The idea comes to him in the shower. “Why,” SRF reporter Matthias Rusch (49) asks himself this spring, “I don’t even try to get from the northernmost to the southernmost point in this country that is so fixated on money without a cent, on foot and by hitchhiking, and eat and earn shelter?” In Bargen SH, Rusch starts his one-week “adventure that opened my eyes”. He is traveling without a camera team and films with his mobile phone so that the encounters with the people are as real as possible. The result can be seen from Monday to Friday on “Schweiz aktuell” (SRF 1, 7 p.m. each day).
He works out his first meal in the poorest community in Schaffhausen, in Merishausen, where he helps a farmer and gets groceries from the farm shop. Then it’s off to Küsnacht, the richest municipality in the canton of Zurich. “At the train station I saw parents picking up their children from the scout camp. I thought they might spontaneously accommodate a stranger.” In fact, a family takes him to their 7-room villa. “We ate pizza in the garden and it was a cozy evening.”
The next day he makes a hitchhike at Männedorf ZH. “A fancy Mercedes stopped.” But the man refuses to be interviewed later. “It was a Russian millionaire who told me that he had recently had unpleasant reactions to his nationality. He gave me a tenner for that.”
“I was able to refute many prejudices”
At first, Rusch doesn’t identify himself as a TV employee so he doesn’t need the SRF as a door opener, and only asks later if he can conduct an interview. Most of the protagonists are happy to provide information, except for the Russian and a group of men who are driving him in the direction of Central Switzerland. “They were plainclothes investigators from the canton police.”
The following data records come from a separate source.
(* Let $k\ge 2$, let $\mu=1/18$, $\rho=0.25\mu^k2^{-\binom k2}$, let $d$ be the smallest positive integer such that for all $r=1,\ldots,k$, $$\frac{\mu-d^{1-2r}}{dr+1}>(1-2^{-r})^d\quad\text{and}\quad\frac{d^{2-2r}-d^{1-2r}}{d+1}>\frac{1}{2^d},$$ let $\delta=\min\{\rho/k^2,\,1/(2kd^{2k})\}$ and $\epsilon=\delta\rho/5$. Let $n$ be sufficiently large, let $T$ be a $k$-partite tournament with vertex classes $A_1,\ldots,A_k$ of size $n$ each which satisfies: for all $1\le s,\ell\le k$, all sequences $A'=(v_1,\ldots,v_q)$ of $q\le d$ distinct elements of $A_\ell$ and all $D\in\{+,-\}^q$, $|C_D(A')\cap A_s|\le n(1/2)^q+n^{2/3}$ (together with the other properties below), and let $\pi$ be any permutation of $V(T)$. Then for every $1\le r\le k$, at most $k-1$ vertices of $A_r$ are not friendly vertices. The other properties assumed of $T$ are: for all $1\le r<k$, all permutations $\pi'$, all perfect $r$-sets $P$, all $R\subseteq P$, $S\subseteq A_{r+1}$ with $|R|,|S|\ge\epsilon n$, $L_{\pi'}(P,T)$ has at least $|R||S|/2^{r+1}$ edges between $R$ and $S$; for all $1\le r<k$, all $\pi'$ and all $S_i\subseteq A_i$ with $|S_i|\ge n/18$, there are at least $0.5(1/18)^rn^r2^{-\binom r2}$ friendly $r$-cliques $\{v_1,\ldots,v_r\}$ of $L_{\pi'}(T)$ with $v_i\in S_i$; and for all $1\le r<k$, $r<t\le k$, all $\hat W=(W_1,\ldots,W_d)\in(\{+,-\}^r)^d$ and all sequences $\hat p=(p_1,\ldots,p_d)$ of pairwise disjoint $r$-tuples with $i$-th entry in $A_i$, $|I_{\hat W}(\hat p,t)|\le n(1-1/2^r)^d+n^{2/3}$.
   Context: For a permutation (bijection) $\pi:V(T)\to\{1,\ldots,kn\}$, $L_\pi(T)$ is the spanning subgraph of $T$ consisting of all edges $(u,v)\in E(T)$ with $\pi(u)<\pi(v)$, viewed as undirected. A vertex $v\in A_r$ is a friendly vertex (with respect to $\pi$) if for every $i\ne r$, $v$ has at least $n/17$ neighbors in $A_i$ in $L_\pi(T)$. For $D\in\{+,-\}^q$ and $A'=(v_1,\ldots,v_q)$, $C_D(A')$ is the set of vertices $w$ such that for each $j$, $(v_j,w)\in E(T)$ if $D(j)=+$ and $(w,v_j)\in E(T)$ if $D(j)=-$. A perfect $r$-set is a set $P$ of $n$ pairwise disjoint $r$-tuples $(a_1,\ldots,a_r)$ with $a_i\in A_i$; $L_{\pi}(P,T)$ is the bipartite graph on $P\cup A_{r+1}$ where $p=(a_1,\ldots,a_r)\sim v$ iff $\{v,a_i\}\in E(L_{\pi}(T))$ for all $i$. An $r$-clique $\{v_1,\ldots,v_r\}$ of $L_\pi(T)$ with $v_i\in A_i$ is friendly if for every $r<t\le k$ and $1\le r'\le r$, $v_1,\ldots,v_{r'}$ have at least $n/2^{r'+1}$ common neighbors in $A_t$ in $L_\pi(T)$. $v\in A_t$ is $W$-inconsistent with $p=(a_1,\ldots,a_r)$ unless for every $i$, $(v,a_i)\in E(T)\iff W(i)=+$; $I_{\hat W}(\hat p,t)$ is the set of $v\in A_t$ that are $W_i$-inconsistent with $p_i$ for all $i$. *)

From Stdlib Require Import Reals.
From mathcomp Require Import all_boot.
Delimit Scope R_scope with Re.
Set Implicit Arguments. Unset Strict Implicit. Unset Printing Implicit Defensive.

Definition Rleb (x y : R) : bool := if Rle_dec x y then true else false.

(* Vertices of the k-partite tournament: (class index in 0..k-1, position in 0..n-1).
   The paper's class A_i (1-based) is class index i-1 here. *)
Definition vtx (k n : nat) := ('I_k * 'I_n)%type.

Section Defs.
Variables k n : nat.
Local Notation V := (vtx k n).

Definition Aset (i : nat) : {set V} := [set v : V | nat_of_ord v.1 == i].

(* T : rel V, T u v means the directed edge (u,v) is in E(T). *)
Definition kpartite_tournament (T : rel V) : Prop :=
  forall u v : V, (u.1 == v.1 -> ~~ T u v) /\ (u.1 != v.1 -> T u v = ~~ T v u).

(* Edge {u,v} of L_pi(T), for pi : V -> 'I_(k*n) a bijection (labels shifted by 1). *)
Definition Ledge (T : rel V) (pi : V -> 'I_(k * n)) (u v : V) : bool :=
  (T u v && (pi u < pi v)) || (T v u && (pi v < pi u)).

Definition friendly (T : rel V) (pi : V -> 'I_(k * n)) (v : V) : bool :=
  [forall i : 'I_k, (i != v.1) ==>
     Rleb (INR n / 17) (INR #|[set w : V | (w.1 == i) && Ledge T pi v w]|)].

(* C_D(A'): A' = (v_1..v_q), D encoded as a seq bool (true = '+') *)
Definition CD (T : rel V) (A' : seq V) (D : seq bool) (w : V) : bool :=
  all (fun x => if x.2 then T x.1 w else T w x.1) (zip A' D).

Definition rtuple_in (r : nat) (p : r.-tuple V) : bool :=
  [forall i : 'I_r, nat_of_ord (tnth p i).1 == nat_of_ord i].

Definition perfect_rset (r : nat) (P : {set r.-tuple V}) : Prop :=
  #|P| = n /\ (forall p, p \in P -> rtuple_in p) /\
  (forall p q, p \in P -> q \in P -> p != q -> [disjoint (val p) & (val q)]).

Definition Padj (T : rel V) (pi : V -> 'I_(k * n)) (r : nat) (p : r.-tuple V) (v : V) : bool :=
  [forall i : 'I_r, Ledge T pi (tnth p i) v].

Definition is_clique (T : rel V) (pi : V -> 'I_(k * n)) (r : nat) (c : r.-tuple V) : bool :=
  rtuple_in c &&
  [forall i : 'I_r, forall j : 'I_r, (i != j) ==> Ledge T pi (tnth c i) (tnth c j)].

(* friendly r-clique: for r < t <= k (1-based; 0-based index t >= r) and 1 <= r' <= r,
   v_1..v_{r'} have at least n/2^{r'+1} common neighbours in A_t *)
Definition friendly_clique (T : rel V) (pi : V -> 'I_(k * n)) (r : nat) (c : r.-tuple V) : bool :=
  [forall t : 'I_k, (r <= t) ==> [forall r' : 'I_r.+1, (0 < r') ==>
     Rleb (INR n / 2 ^ (r' + 1))
       (INR #|[set w : V | (w.1 == t) &&
          [forall i : 'I_r, (i < r') ==> Ledge T pi (tnth c i) w]]|)]].

Definition inconsistent (T : rel V) (r : nat) (W : r.-tuple bool) (p : r.-tuple V) (v : V) : bool :=
  ~~ [forall i : 'I_r, T v (tnth p i) == tnth W i].

Definition Iset (T : rel V) (r d : nat) (W : d.-tuple (r.-tuple bool))
    (p : d.-tuple (r.-tuple V)) (t : nat) : {set V} :=
  [set v : V | (nat_of_ord v.1 == t) && [forall j : 'I_d, inconsistent T (tnth W j) (tnth p j) v]].

End Defs.

Definition mu : R := (1 / 18)%Re.
Definition rho (k : nat) : R := (/ 4 * mu ^ k * / 2 ^ 'C(k, 2))%Re.
Definition dcond (k d : nat) : Prop :=
  forall r : nat, 1 <= r <= k ->
    ((mu - / INR d ^ (2 * r - 1)) / (INR d * INR r + 1) > (1 - / 2 ^ r) ^ d)%Re /\
    ((/ INR d ^ (2 * r - 2) - / INR d ^ (2 * r - 1)) / (INR d + 1) > / 2 ^ d)%Re.
Definition delta (k d : nat) : R :=
  Rmin (rho k / INR k ^ 2) (/ (2 * INR k * INR d ^ (2 * k)))%Re.
Definition eps (k d : nat) : R := (delta k d * rho k / 5)%Re.

Definition prop_codeg (k n d : nat) (T : rel (vtx k n)) : Prop :=
  forall (s l : 'I_k) (A' : seq (vtx k n)) (D : seq bool),
    uniq A' -> size A' <= d -> all (fun v => v.1 == l) A' -> size D = size A' ->
    (INR #|[set w : vtx k n | (w.1 == s) && CD T A' D w]|
       <= INR n * (1 / 2) ^ size A' + Rpower (INR n) (2 / 3))%Re.

Definition prop_dense (k n d : nat) (T : rel (vtx k n)) : Prop :=
  forall r : nat, 1 <= r < k ->
  forall pi' : vtx k n -> 'I_(k * n), bijective pi' ->
  forall (P : {set r.-tuple (vtx k n)}), perfect_rset P ->
  forall (Rs : {set r.-tuple (vtx k n)}) (S : {set vtx k n}),
    Rs \subset P -> S \subset Aset k n r ->
    (eps k d * INR n <= INR #|Rs|)%Re -> (eps k d * INR n <= INR #|S|)%Re ->
    (INR #|Rs| * INR #|S| / 2 ^ (r + 1) <=
       INR #|[set x : r.-tuple (vtx k n) * vtx k n |
                (x.1 \in Rs) && (x.2 \in S) && Padj T pi' x.1 x.2]|)%Re.

Definition prop_cliques (k n : nat) (T : rel (vtx k n)) : Prop :=
  forall r : nat, 1 <= r < k ->
  forall pi' : vtx k n -> 'I_(k * n), bijective pi' ->
  forall S : 'I_r -> {set vtx k n},
    (forall i : 'I_r, S i \subset Aset k n i /\ (INR n / 18 <= INR #|S i|)%Re) ->
    (/ 2 * (1 / 18) ^ r * INR n ^ r * / 2 ^ 'C(r, 2) <=
       INR #|[set c : r.-tuple (vtx k n) | is_clique T pi' c &&
                [forall i : 'I_r, tnth c i \in S i] && friendly_clique T pi' c]|)%Re.

Definition prop_incons (k n d : nat) (T : rel (vtx k n)) : Prop :=
  forall r : nat, 1 <= r < k ->
  forall t : 'I_k, r <= t ->
  forall (W : d.-tuple (r.-tuple bool)) (p : d.-tuple (r.-tuple (vtx k n))),
    (forall j : 'I_d, rtuple_in (tnth p j)) ->
    (forall j j' : 'I_d, j != j' -> [disjoint (val (tnth p j)) & (val (tnth p j'))]) ->
    (INR #|Iset T W p t| <= INR n * (1 - / 2 ^ r) ^ d + Rpower (INR n) (2 / 3))%Re.

(* Suppose two vertices v, v' of A_r both have fewer than n/17 neighbours in
   L_pi(T) inside the same class A_i, with pi v < pi v'.  Every other vertex of
   A_i is then an L-neighbour of v or v', or lies in one of three sets
   C_D((v, v')) with |D| = 2, each of size at most n/4 + n^(2/3) by the
   codegree property (d >= 2 follows from dcond).  So
   n < 2n/17 + 3(n/4 + n^(2/3)), impossible for large n.  Hence choosing, for
   each non-friendly vertex of A_r, a class in which it has few neighbours is
   injective into the k - 1 classes other than A_r. *)

From Stdlib Require Import Reals Lra.
From mathcomp Require Import all_boot.

Set Implicit Arguments.
Unset Strict Implicit.
Unset Printing Implicit Defensive.

Lemma Rpower_two_thirds_lt (x : R) :
  ((68 / 3) ^ 3 < x)%Re -> (68 * Rpower x (2 / 3) < 3 * x)%Re.
Proof.
move=> x_big; have x_pos : (0 < x)%Re by simpl in x_big; lra.
set y := Rpower x (2 / 3).
have y_pos : (0 < y)%Re by apply: exp_pos.
have y_cube : (y ^ 3 = x ^ 2)%Re.
  by rewrite -Rpower_pow // /y Rpower_mult -Rpower_pow //; f_equal; simpl; field.
apply: Rnot_le_lt => y_big.
have : ((3 * x) ^ 3 <= (68 * y) ^ 3)%Re by apply: pow_incr; lra.
rewrite !Rpow_mult_distr y_cube => h.
have : (x ^ 2 * (27 * x) <= x ^ 2 * 68 ^ 3)%Re by simpl in h |- *; lra.
move/(Rmult_le_reg_l _ _ _ (pow_lt _ 2 x_pos)); simpl in x_big |- *; lra.
Qed.

Lemma card_le_of_private_witness (aT : finType) (k : nat) (r : 'I_k)
    (B : {set aT}) (P : aT -> 'I_k -> bool) :
  (forall v, v \in B -> exists2 i : 'I_k, i != r & P v i) ->
  (forall v v' (i : 'I_k),
     v \in B -> v' \in B -> i != r -> P v i -> P v' i -> v = v') ->
  #|B| <= k - 1.
Proof.
move=> witness private.
pose f v := odflt r [pick i | (i != r) && P v i].
have f_spec v : v \in B -> (f v != r) && P v (f v).
  move=> vB; rewrite /f; case: pickP => [i //|none] /=.
  by have [i ir Pvi] := witness v vB; have := none i; rewrite ir Pvi.
have f_inj : {in B &, injective f}.
  move=> v v' vB v'B fE; have /andP[fr Pv] := f_spec v vB.
  by have /andP[_ Pv'] := f_spec v' v'B; apply: private vB v'B fr Pv _; rewrite fE.
have : f @: B \subset [set~ r].
  by apply/subsetP => _ /imsetP[v vB ->]; rewrite !inE; case/andP: (f_spec v vB).
by move/subset_leq_card; rewrite (card_in_imset f_inj) cardsC1 card_ord subn1.
Qed.

Lemma dcond_gt1 (k d : nat) : 0 < k -> 0 < d -> dcond k d -> 1 < d.
Proof.
case: d => [|[|d]] // k_pos _ /(_ 1%N); rewrite k_pos => /(_ isT) [+ _].
rewrite /mu /=; lra.
Qed.

Section SparseClasses.
Variables (k n : nat) (T : rel (vtx k n)) (pi : vtx k n -> 'I_(k * n)).

Definition Lnbrs (v : vtx k n) (i : 'I_k) : {set vtx k n} :=
  [set w | (w.1 == i) && Ledge T pi v w].

Definition CDset (A' : seq (vtx k n)) (D : seq bool) (i : 'I_k) : {set vtx k n} :=
  [set w | (w.1 == i) && CD T A' D w].

Definition sparse (v : vtx k n) (i : 'I_k) : bool :=
  ~~ Rleb (INR n / 17) (INR #|Lnbrs v i|).

Lemma sparseP (v : vtx k n) (i : 'I_k) :
  reflect (INR #|Lnbrs v i| < INR n / 17)%Re (sparse v i).
Proof. by rewrite /sparse /Rleb; case: Rle_dec => h; constructor; lra. Qed.

Lemma unfriendly_sparse (v : vtx k n) :
  ~~ friendly T pi v -> exists2 i, i != v.1 & sparse v i.
Proof.
by rewrite negb_forall => /existsP[i]; rewrite negb_imply => /andP[iv sp]; exists i.
Qed.

Lemma card_class (i : 'I_k) : #|[set w : vtx k n | w.1 == i]| = n.
Proof.
have -> : [set w : vtx k n | w.1 == i] = setX [set i] [set: 'I_n].
  by apply/setP => -[a b]; rewrite !inE andbT.
by rewrite cardsX cards1 cardsT card_ord mul1n.
Qed.

Hypotheses (T_tour : kpartite_tournament T) (pi_inj : injective pi).

(* A vertex of A_i adjacent in L to neither v nor v' realises one of three
   edge patterns towards (v, v'); the fourth, v -> w -> v', is excluded because
   it would put pi w below pi v and hence below pi v'. *)
Lemma class_sub_nbrs_pair (i : 'I_k) (v v' : vtx k n) :
  v.1 = v'.1 -> i != v.1 -> pi v < pi v' ->
  [set w | w.1 == i] \subset
    Lnbrs v i :|: Lnbrs v' i :|: CDset [:: v; v'] [:: true; true] i
      :|: CDset [:: v; v'] [:: false; true] i :|: CDset [:: v; v'] [:: false; false] i.
Proof.
move=> vv' iv lt_vv'; apply/subsetP => w; rewrite !inE => /eqP wi.
have wv : w.1 != v.1 by rewrite wi.
have wv' : w.1 != v'.1 by rewrite wi -vv'.
have Twv : T w v = ~~ T v w by case: (T_tour w v) => _ /(_ wv).
have Twv' : T w v' = ~~ T v' w by case: (T_tour w v') => _ /(_ wv').
rewrite wi eqxx /= /Ledge /CD /= Twv Twv'.
have : (pi v < pi w) || (pi w < pi v').
  by case: (ltnP (pi v) (pi w)) => //= h; apply: leq_ltn_trans h lt_vv'.
by case: (T v w); case: (T v' w); case/orP=> ->; rewrite ?orbT.
Qed.

Lemma card_class_le_pair (i : 'I_k) (v v' : vtx k n) :
  v.1 = v'.1 -> i != v.1 -> pi v < pi v' ->
  n <= #|Lnbrs v i| + #|Lnbrs v' i| + #|CDset [:: v; v'] [:: true; true] i|
       + #|CDset [:: v; v'] [:: false; true] i| + #|CDset [:: v; v'] [:: false; false] i|.
Proof.
move=> vv' iv lt_vv'; have := subset_leq_card (class_sub_nbrs_pair vv' iv lt_vv').
rewrite card_class => /leq_trans; apply.
by do 4 (apply: leq_trans (leq_card_setU _ _) _; rewrite ?leq_add2r).
Qed.

Variable d : nat.
Hypotheses (d_gt1 : 1 < d) (codeg : prop_codeg d T).

Lemma card_CDset_pair (i : 'I_k) (v v' : vtx k n) (D : seq bool) :
  v.1 = v'.1 -> v != v' -> size D = 2 ->
  (INR #|CDset [:: v; v'] D i| <= INR n / 4 + Rpower (INR n) (2 / 3))%Re.
Proof.
move=> vv' v_neq sD; have -> : (INR n / 4 = INR n * (1 / 2) ^ 2)%Re by field.
apply: (codeg i (l := v.1)) => //=.
- by rewrite inE v_neq.
- by rewrite eqxx vv' eqxx.
Qed.

(* 20000 > (68/3)^3, beyond which n < 2n/17 + 3 (n/4 + n^(2/3)) is false. *)
Lemma sparse_pair_uniq (i : 'I_k) (v v' : vtx k n) :
  20000 <= n -> v.1 = v'.1 -> i != v.1 -> sparse v i -> sparse v' i -> v = v'.
Proof.
move=> n_big.
wlog lt_vv' : v v' / pi v <= pi v'.
  move=> wlog_le vv' iv sv sv'; case: (leqP (pi v) (pi v')) => [le_vv' | /ltnW le_v'v].
    exact: wlog_le.
  by symmetry; apply: wlog_le; rewrite -?vv'.
move=> vv' iv /sparseP sv /sparseP sv'; case: (eqVneq v v') => // v_neq; exfalso.
have {}lt_vv' : pi v < pi v'.
  by rewrite ltn_neqAle lt_vv' andbT; apply: contra v_neq => /eqP/val_inj/pi_inj->.
have := le_INR _ _ (elimT leP (card_class_le_pair vv' iv lt_vv')); rewrite !plus_INR.
have := card_CDset_pair i (D := [:: true; true]) vv' v_neq erefl.
have := card_CDset_pair i (D := [:: false; true]) vv' v_neq erefl.
have := card_CDset_pair i (D := [:: false; false]) vv' v_neq erefl.
have n_big' : (20000 <= INR n)%Re.
  by have := le_INR _ _ (elimT leP n_big); rewrite (INR_IZR_INZ 20000).
have := @Rpower_two_thirds_lt (INR n) ltac:(simpl; lra).
lra.
Qed.
End SparseClasses.

Theorem lemma4p14 (k d : nat) :
  2 <= k -> 0 < d -> dcond k d -> (forall d' : nat, 0 < d' < d -> ~ dcond k d') ->
  exists N : nat, forall n : nat, N <= n ->
  forall T : rel (vtx k n), kpartite_tournament T ->
    prop_codeg d T -> prop_dense d T -> prop_cliques T -> prop_incons d T ->
  forall pi : vtx k n -> 'I_(k * n), bijective pi ->
  forall r : 'I_k, #|[set v : vtx k n | (v.1 == r) && ~~ friendly T pi v]| <= k - 1.
Proof.
move=> k_ge2 d_pos d_ok _.
have d_gt1 := dcond_gt1 (ltnW k_ge2) d_pos d_ok.
exists 20000 => n n_big T T_tour codeg _ _ _ pi [pi_inv piK _] r.
apply: (card_le_of_private_witness (r := r) (P := sparse T pi)).
- move=> v; rewrite inE => /andP[/eqP <-]; exact: unfriendly_sparse.
- move=> v v' i; rewrite !inE => /andP[/eqP vr _] /andP[/eqP v'r _] ir.
  have vv' : v.1 = v'.1 by rewrite vr v'r.
  have iv : i != v.1 by rewrite vr.
  exact: (sparse_pair_uniq T_tour (can_inj piK) d_gt1 codeg n_big vv' iv).
Qed.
Basically, Rusch says: “I was able to refute many prejudices on my trip. Also that Swiss are reserved and reserved. If you ask nicely, many will be willing to help.” In Riemenstalden SZ, the village pub invites him to a glass of cider despite the day off and offers him a room to stay overnight. “I helped him with the cooking and in the garden.”
He collects rubbish at the Gotthard service area in order to come to dinner. “I also found a five-franc and I was really happy. And realized: If you don’t have any money yourself and suddenly find five francs, you feel like a king. You learn to appreciate the little things again.”
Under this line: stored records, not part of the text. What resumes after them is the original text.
Lemma reachable_step u W T v x : reachable u W T -> v \in C -> v \notin T ->
  x \notin VA -> x \notin W -> (x, gb v) \in M u -> reachable v (x |: W) (v |: T).
Proof.
move=> Ru vC vT xV xW xM; case: (Ru) => h H.
have uT : u \in C -> u \in T := reachable_in_T Ru.
have uv : u != v by apply: contraNneq vT => uv; rewrite -uv; apply: uT; rewrite uv.
have hv : h v = Some (ga v, gb v) by rewrite (alt_agree H) // g_used.
have x_ga w : w \in C -> x != ga w by move=> wC; apply: contraNneq xV => ->; apply: imset_f.
pose h' := recolour (recolour h v None) u (Some (x, gb v)).
exists h'; split.
- apply: partial_rainbow_colour xM _ (freeB_uncolour_edge (alt_rainbow H) hv).
    exact: partial_rainbow_uncolour (alt_rainbow H).
  exact/freeA_uncolour/(alt_freeA H).
- have vh : v \in used h by rewrite inE hv.
  rewrite used_colour used_uncolour cardsU1 !inE (alt_idle H) andbF add1n.
  by rewrite -(alt_size H) (cardsD1 v (used h)) vh.
- by rewrite /h' /recolour eq_sym (negbTE uv) eqxx.
- move=> w wC; rewrite in_setU1 negb_or => /andP[wv wT].
  have wu : w != u by apply: contraNneq wT => wu; rewrite wu; apply: uT; rewrite -wu.
  by rewrite /h' /recolour (negbTE wu) (negbTE wv) (alt_agree H).
- move=> x'; rewrite in_setU1 negb_or => x'V /andP[x'x x'W].
  by apply: freeA_colour; [apply/freeA_uncolour/(alt_freeA H) | rewrite eq_sym].
- move=> w; rewrite in_setU1 => /orP[/eqP-> | wT].
    apply: freeA_colour; [exact: freeA_uncolour_edge (alt_rainbow H) hv | exact: x_ga].
  apply: freeA_colour; first exact/freeA_uncolour/(alt_freeT H).
  exact/x_ga/(subsetP (alt_sub H)).
- move=> y yV; apply: freeB_colour; first exact/freeB_uncolour/(alt_freeB H).
  by apply: contraNneq yV => <-; apply: imset_f.
- by rewrite in_setU1 eqxx orbT.
- by rewrite subUset sub1set vC (alt_sub H).
Qed.

Lemma reachable_edge_VB v W T e : reachable v W T -> e \in M v ->
  e.1 \notin VA -> e.1 \notin W -> e.2 \in VB.
Proof.
move=> [h H] eM a1 a2; apply/negPn/negP => b2.
exact: no_augmenting_edge (alt_rainbow H) (alt_size H) (alt_idle H) eM
  (alt_freeA H a1 a2) (alt_freeB H b2).
Qed.

Lemma reachable_edge_T v W T w e : reachable v W T -> w \in T -> e \in M v ->
  e.1 = ga w -> e.2 \in VB.
Proof.
move=> [h H] wT eM a1; apply/negPn/negP => b2.
apply: no_augmenting_edge (alt_rainbow H) (alt_size H) (alt_idle H) eM _ (alt_freeB H b2).
by rewrite a1; apply: alt_freeT H w wT.
Qed.

Definition exits u (W : {set A}) (T : {set 'I_n}) : {set 'I_n} :=
  [set v in C :\: T | [exists x, [&& x \notin VA, x \notin W & (x, gb v) \in M u]]].

Lemma card_exits u W T : reachable u W T -> #|M u| <= k + #|W| + #|T| + #|exits u W T|.
Proof.
move=> Ru.
have cover : {in M u, forall e, (e.1 \in VA :|: W) || (e.2 \in gb @: (T :|: exits u W T))}.
  move=> [a b] eM /=; rewrite in_setU; have [//|aV] := boolP (a \in VA).
  have [//|aW] := boolP (a \in W); case/imsetP: (reachable_edge_VB Ru eM aV aW) => w wC /= bw.
  rewrite bw imset_f // in_setU; have [//|wT] := boolP (w \in T).
  by rewrite inE in_setD wT wC; apply/existsP; exists a; rewrite aV aW -bw.
apply: leq_trans (matching_card_cover (@M_matching u) cover) _.
rewrite -[X in _ <= X]addnA leq_add //.
  by apply: leq_trans (leq_card_setU _ _) _; rewrite leq_add2r leq_imset_card.
exact: leq_trans (leq_imset_card _ _) (leq_card_setU _ _).
Qed.

Definition step d u v := exists (W : {set A}) (T : {set 'I_n}),
  [/\ reachable u W T, #|W| <= d, #|T| <= d & v \in exits u W T].

Definition reached d : {set 'I_n} :=
  [set u | `[< exists W T, [/\ reachable u W T, #|W| <= d & #|T| <= d] >]].

Lemma step_reachable d u v : step d u v ->
  exists W T, [/\ reachable v W T, #|W| <= d.+1, #|T| <= d.+1 & (u \in C -> u \in T)].
Proof.
move=> [W [T [Ru hW hT]]]; rewrite inE in_setD => /andP[/andP[vT vC]].
move=> /existsP[x /and3P[xV xW xM]]; exists (x |: W), (v |: T); split.
- exact: reachable_step Ru vC vT xV xW xM.
- by rewrite cardsU1; case: (x \in W) => /=; lia.
- by rewrite cardsU1 vT; lia.
- by move=> uC; rewrite in_setU1 (reachable_in_T Ru uC) orbT.
Qed.

Lemma card_preds d v : (exists u, step d u v) ->
  #|[set u | `[< step d u v >]]| + #|M v| <= 2 * k + d + 2.
Proof.
case=> u0 /step_reachable [W' [T' [Rv hW' _ _]]]; set P := [set u | `[< step d u v >]].
have P_sub : P \subset c |: (C :&: P).
  apply/subsetP => u uP; have := uP; rewrite inE => /asboolP [W [T [Ru _ _ _]]].
  rewrite in_setU1 in_setI uP andbT; case: eqP => // /eqP uc.
  exact: reachable_in_C Ru uc.
have cover : {in M v, forall e, (e.1 \in W' :|: ga @: (C :\: P)) || (e.2 \in VB)}.
  move=> e eM; apply/orP; have [bV|bV] := boolP (e.2 \in VB); [by right | left].
  rewrite in_setU; have [//|aW] := boolP (e.1 \in W').
  have /imsetP[w wC aw] : e.1 \in VA.
    by apply: contraR bV => aV; apply: reachable_edge_VB Rv eM aV aW.
  rewrite aw imset_f // in_setD wC andbT; apply: contra bV.
  rewrite inE => /asboolP /step_reachable [W [T [Rv' _ _ wT]]].
  exact: reachable_edge_T Rv' (wT wC) eM aw.
have card_Mv : #|M v| <= d.+1 + #|C :\: P| + k.
  apply: leq_trans (matching_card_cover (@M_matching v) cover) _.
  rewrite leq_add ?leq_imset_card // (leq_trans (leq_card_setU _ _)) //.
  exact: leq_add hW' (leq_imset_card _ _).
have card_P : #|P| <= (#|C :&: P|).+1.
  by apply: leq_trans (subset_leq_card P_sub) _; rewrite cardsU1 -add1n leq_add2r leq_b1.
(* [lia] would treat the two spellings of [#|C :&: P|] (with and without a
   [reverse_coercion] on ['I_n]) as distinct atoms. *)
have := cardsID P C; rewrite /reverse_coercion in card_P card_Mv *; lia.
Qed.

Variable s : nat.
Hypothesis M_large : forall i, s <= #|M i|.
In the heavy traffic center in Erstfeld UR he speaks to truck drivers from all over Europe. Nobody wants to let him spend the night in the cabin, “that’s their private realm. But I was allowed to sleep in the hold of a Czech driver. Because he wanted to continue north, I got up at five o’clock and switched to a Ukrainian’s vehicle heading towards Ticino. He had already made coffee for me when I knocked on his door. He’s back in Ukraine now, we’re still in contact today. Just last week he wrote me that he lives just ten kilometers from the bombed mall that made headlines around the world. Then I realized what a paradise we live in and how little we are aware of it».
«Travelling without money is more exhausting»
In Bellinzona, Rusch is allowed to grate potatoes for his rösti in a grotto run by Tamils. In Lugano, he is housed by an unemployed fashion designer who is dependent on social security. A gas station attendant at the border can’t offer him a job because business is bad in Italy because of the lower petrol prices. “But he wanted to give me a twenty out of his own pocket.”
Rusch’s balance sheet: “It doesn’t matter where you end up, but what kind of people you meet there. Traveling without money is definitely more exhausting. The organizational stress and uncertainties keep you on your toes. And you have to let your pants down, so to speak. Say you don’t have anything but want to work for food and shelter. In return, you get to know exciting people who enrich your life in a completely different way.»